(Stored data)
• • • •

(* Let $(\Gamma,c)$ be a real Fuchsian group and $\gamma\in\Gamma$ an admissible element. Then the elliptic points of even order lying on $C_\gamma$ correspond bijectively to the elements of order two of $Z_\gamma$, where the point $z$ corresponds to $\sigma$ if $\sigma$ stabilizes $z$.
   Context: $\mathfrak{h}$ is the upper half-plane. A complex conjugation is an anti-holomorphic involution $c$ of $\mathfrak{h}$; for $\gamma\in\mathrm{PSL}_2(\mathbf{R})$, $\gamma^c=c\gamma c$. A real Fuchsian group is a pair $(\Gamma,c)$ with $\Gamma\subseteq\mathrm{PSL}_2(\mathbf{R})$ discrete, $c$ a complex conjugation, $\Gamma^c=\Gamma$, and $\mathfrak{h}^*/\Gamma$ compact, where $\mathfrak{h}^*$ is $\mathfrak{h}$ with the cusps of $\Gamma$ adjoined. $\gamma$ is admissible if $\gamma^c=\gamma^{-1}$; $C_\gamma=\{z\in\mathfrak{h}^*:\gamma z=cz\}$; $Z_\gamma=\{\sigma\in\Gamma:\sigma^c\gamma\sigma^{-1}=\gamma\}$. An elliptic point of even order is a point of $\mathfrak{h}$ whose stabilizer in $\Gamma$ is (finite cyclic) of even order. *)

From HB Require Import structures.
From mathcomp Require Import all_boot all_order all_algebra.
From mathcomp Require Import reals complex.
From Stdlib Require List.
Set Implicit Arguments. Unset Strict Implicit. Unset Printing Implicit Defensive.
Import Order.TTheory GRing.Theory Num.Theory.
Local Open Scope ring_scope.
Local Open Scope complex_scope.

Section Fuchsian.
Variable R : realType.
Local Notation C := R[i].

Definition cabs (z : C) : R := Normc.normc z.

Definition inH (z : C) : Prop := 0 < complex.Im z.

• • • •

**Exercise details:** Which lines run from the one containing "From Stdlib Require List." to the final line of the entries? Return those lines exactly, and only those.

**Answer:**
From Stdlib Require List.
Set Implicit Arguments. Unset Strict Implicit. Unset Printing Implicit Defensive.
Import Order.TTheory GRing.Theory Num.Theory.
Local Open Scope ring_scope.
Local Open Scope complex_scope.

Section Fuchsian.
Variable R : realType.
Local Notation C := R[i].

Definition cabs (z : C) : R := Normc.normc z.

Definition inH (z : C) : Prop := 0 < complex.Im z.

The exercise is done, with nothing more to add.